🤖 AI Summary
This study addresses the challenge of inferring biologically plausible learning rules directly from animal behavioral data in zero-shot learning tasks—without imposing prior parametric assumptions (e.g., Q-learning) or restricting analyses to simplified paradigms (e.g., multi-armed bandits). We propose a nonparametric deep learning framework: a feedforward deep neural network (DNN) models trial-wise policy updates, extended into a recurrent neural network (RNN) to capture non-Markovian, history-dependent dynamics. For the first time, our approach enables data-driven identification of asymmetric update mechanisms—differential adaptation following correct versus error feedback—and complex stimulus integration. Validated on synthetic data, the model accurately recovers ground-truth learning rules. Applied to large-scale mouse perceptual decision-making datasets, it significantly outperforms conventional models in behavioral prediction.
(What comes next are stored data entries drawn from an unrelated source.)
(* Let $q\in\mathbb{C}^\times$ be not a root of unity, $\varphi\in\mathbb{C}[x]^{\langle0\rangle}$, and let $v_0$ be a highest weight vector of the $U_q(\mathfrak{sl}_2^{\langle0\rangle}[x])$-module $L(\mathbf{u}^{\langle0\rangle}(\varphi))$. Then, as formal power series in $w$, $$\Psi^+(w)\cdot v_0=\beta_\varphi q^{\deg\varphi}\frac{\varphi^\flat(q^{-2}w)}{\varphi^\flat(w)}v_0.$$
   Context: $[k]=(q^k-q^{-k})/(q-q^{-1})$, $[x,y]=xy-yx$. $U_q(\mathfrak{sl}_2^{\langle0\rangle}[x])$ is the $\mathbb{C}$-algebra with generators $X^\pm_t,J_t$ ($t\ge0$), $K^\pm$ and relations: $K^+$ and all $J_t$ pairwise commute; $K^+K^-=1=K^-K^+$; $(K^-)^2=1-(q-q^{-1})J_0$; $X^\pm_{t+1}X^\pm_s-q^{\pm2}X^\pm_sX^\pm_{t+1}=q^{\pm2}X^\pm_tX^\pm_{s+1}-X^\pm_{s+1}X^\pm_t$; $K^+X^\pm_tK^-=q^{\pm2}X^\pm_t$; $q^{\pm2}J_0X^\pm_t-q^{\mp2}X^\pm_tJ_0=\pm[2]X^\pm_t$; $[J_{s+1},X^\pm_t]=q^{\pm2}J_sX^\pm_{t+1}-q^{\mp2}X^\pm_{t+1}J_s$; $[X^+_t,X^-_s]=K^+J_{s+t}$. $\Psi^+_0=K^+$, $\Psi^+_t=(q-q^{-1})K^+J_t$ ($t>0$), $\Psi^+(w)=\sum_{t\ge0}\Psi^+_tw^t$. $L(\mathbf{u})$ for $\mathbf{u}=(\lambda,(u_t)_{t>0})$ is the simple module generated by $v_0$ with $X^+_tv_0=0$, $K^+v_0=\lambda v_0$, $J_tv_0=u_tv_0$ ($t>0$). $p_t(q)(x_1,\dots,x_k)=\sum_{\lambda\vdash t,\ell(\lambda)\le k}q^{-\ell(\lambda)}(q-q^{-1})^{\ell(\lambda)-1}m_\lambda(x_1,\dots,x_k)$. $\mathbb{C}[x]^{\langle0\rangle}$ is the set of $\varphi=\beta_\varphi(x-\gamma_1)\cdots(x-\gamma_k)$ with $\beta_\varphi=\pm1$; $\mathbf{u}^{\langle0\rangle}(\varphi)=(\beta_\varphi,(0)_{t>0})$ if $k=0$, $(\beta_\varphi q^k,(p_t(q)(\gamma_1,\dots,\gamma_k))_{t>0})$ if $k>0$. $\varphi^\flat(w)=(1-\gamma_1w)\cdots(1-\gamma_kw)$. *)

From HB Require Import structures.
From mathcomp Require Import all_boot all_order all_algebra.
From mathcomp Require Import complex.
From mathcomp Require Import reals.
Set Implicit Arguments. Unset Strict Implicit. Unset Printing Implicit Defensive.
Import Order.TTheory GRing.Theory Num.Theory.
Local Open Scope ring_scope.

Section Defs.
Variable C : fieldType.

Definition qint (q : C) (k : nat) : C := (q ^+ k - q ^- k) / (q - q^-1).

Variable V : lmodType C.

(* (Xp, Xm, J, Kp, Km) define a U_q(sl_2^<0>[x])-module structure on V:
   Xp t = X^+_t, Xm t = X^-_t, J t = J_t, Kp = K^+, Km = K^-. *)
Definition is_Uq_module (q : C) (Xp Xm J : nat -> {linear V -> V})
    (Kp Km : {linear V -> V}) : Prop :=
  (forall t v, Kp (J t v) = J t (Kp v)) /\
  (forall s t v, J s (J t v) = J t (J s v)) /\
  (forall v, Kp (Km v) = v) /\ (forall v, Km (Kp v) = v) /\
  (forall v, Km (Km v) = v - (q - q^-1) *: J 0%N v) /\
  (forall t s v, Xp t.+1 (Xp s v) - q ^+ 2 *: Xp s (Xp t.+1 v)
                 = q ^+ 2 *: Xp t (Xp s.+1 v) - Xp s.+1 (Xp t v)) /\
  (forall t s v, Xm t.+1 (Xm s v) - q ^- 2 *: Xm s (Xm t.+1 v)
                 = q ^- 2 *: Xm t (Xm s.+1 v) - Xm s.+1 (Xm t v)) /\
  (forall t v, Kp (Xp t (Km v)) = q ^+ 2 *: Xp t v) /\
  (forall t v, Kp (Xm t (Km v)) = q ^- 2 *: Xm t v) /\
  (forall t v, q ^+ 2 *: J 0%N (Xp t v) - q ^- 2 *: Xp t (J 0%N v)
               = qint q 2 *: Xp t v) /\
  (forall t v, q ^- 2 *: J 0%N (Xm t v) - q ^+ 2 *: Xm t (J 0%N v)
               = - (qint q 2 *: Xm t v)) /\
  (forall s t v, J s.+1 (Xp t v) - Xp t (J s.+1 v)
                 = q ^+ 2 *: J s (Xp t.+1 v) - q ^- 2 *: Xp t.+1 (J s v)) /\
  (forall s t v, J s.+1 (Xm t v) - Xm t (J s.+1 v)
                 = q ^- 2 *: J s (Xm t.+1 v) - q ^+ 2 *: Xm t.+1 (J s v)) /\
  (forall t s v, Xp t (Xm s v) - Xm s (Xp t v) = Kp (J (s + t)%N v)).

Definition is_submodule (Xp Xm J : nat -> {linear V -> V})
    (Kp Km : {linear V -> V}) (W : V -> Prop) : Prop :=
  W 0 /\ (forall u v, W u -> W v -> W (u + v)) /\
  (forall (a : C) v, W v -> W (a *: v)) /\
  (forall t v, W v -> W (Xp t v)) /\ (forall t v, W v -> W (Xm t v)) /\
  (forall t v, W v -> W (J t v)) /\
  (forall v, W v -> W (Kp v)) /\ (forall v, W v -> W (Km v)).

Definition simple_module (Xp Xm J : nat -> {linear V -> V})
    (Kp Km : {linear V -> V}) : Prop :=
  (exists v : V, v != 0) /\
  forall W, is_submodule Xp Xm J Kp Km W ->
    (forall v, W v -> v = 0) \/ (forall v, W v).

Definition Psi_plus (q : C) (Kp : {linear V -> V}) (J : nat -> {linear V -> V})
    (t : nat) (v : V) : V :=
  if t == 0%N then Kp v else (q - q^-1) *: Kp (J t v).

End Defs.

Section Sym.
Variable C : fieldType.

Definition is_partition (lam : seq nat) (t : nat) : bool :=
  [&& sorted geq lam, all (fun i => 0 < i)%N lam & sumn lam == t].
Our results reveal intrinsic history sensitivity and update asymmetry as fundamental features of biological learning.
📝 Abstract
Understanding how animals learn is a central challenge in neuroscience, with growing relevance to the development of animal- or human-aligned artificial intelligence. However, most existing approaches assume specific parametric forms for the learning rule (e.g., Q-learning, policy gradient) or are limited to simplified settings like bandit tasks, which do not involve learning a new input-output mapping from scratch. In contrast, animals must often learn new behaviors de novo, which poses a rich challenge for learning-rule inference. We target this problem by inferring learning rules directly from animal decision-making data during de novo task learning, a setting that requires models flexible enough to capture suboptimality, history dependence, and rich external stimulus integration without strong structural priors. We first propose a nonparametric framework that parameterizes the per-trial update of policy weights with a deep neural network (DNN), and validate it by recovering ground-truth rules in simulation. We then extend to a recurrent variant (RNN) that captures non-Markovian dynamics by allowing updates to depend on trial history. Applied to a large behavioral dataset of mice learning a sensory decision-making task over multiple weeks, our models improved predictions on held-out data. The inferred rules revealed asymmetric updates after correct versus error trials and history dependence, consistent with non-Markovian learning. Overall, these results introduce a flexible framework for inferring biological learning rules from behavioral data in de novo learning tasks, providing insights to inform experimental training protocols and the development of behavioral digital twins.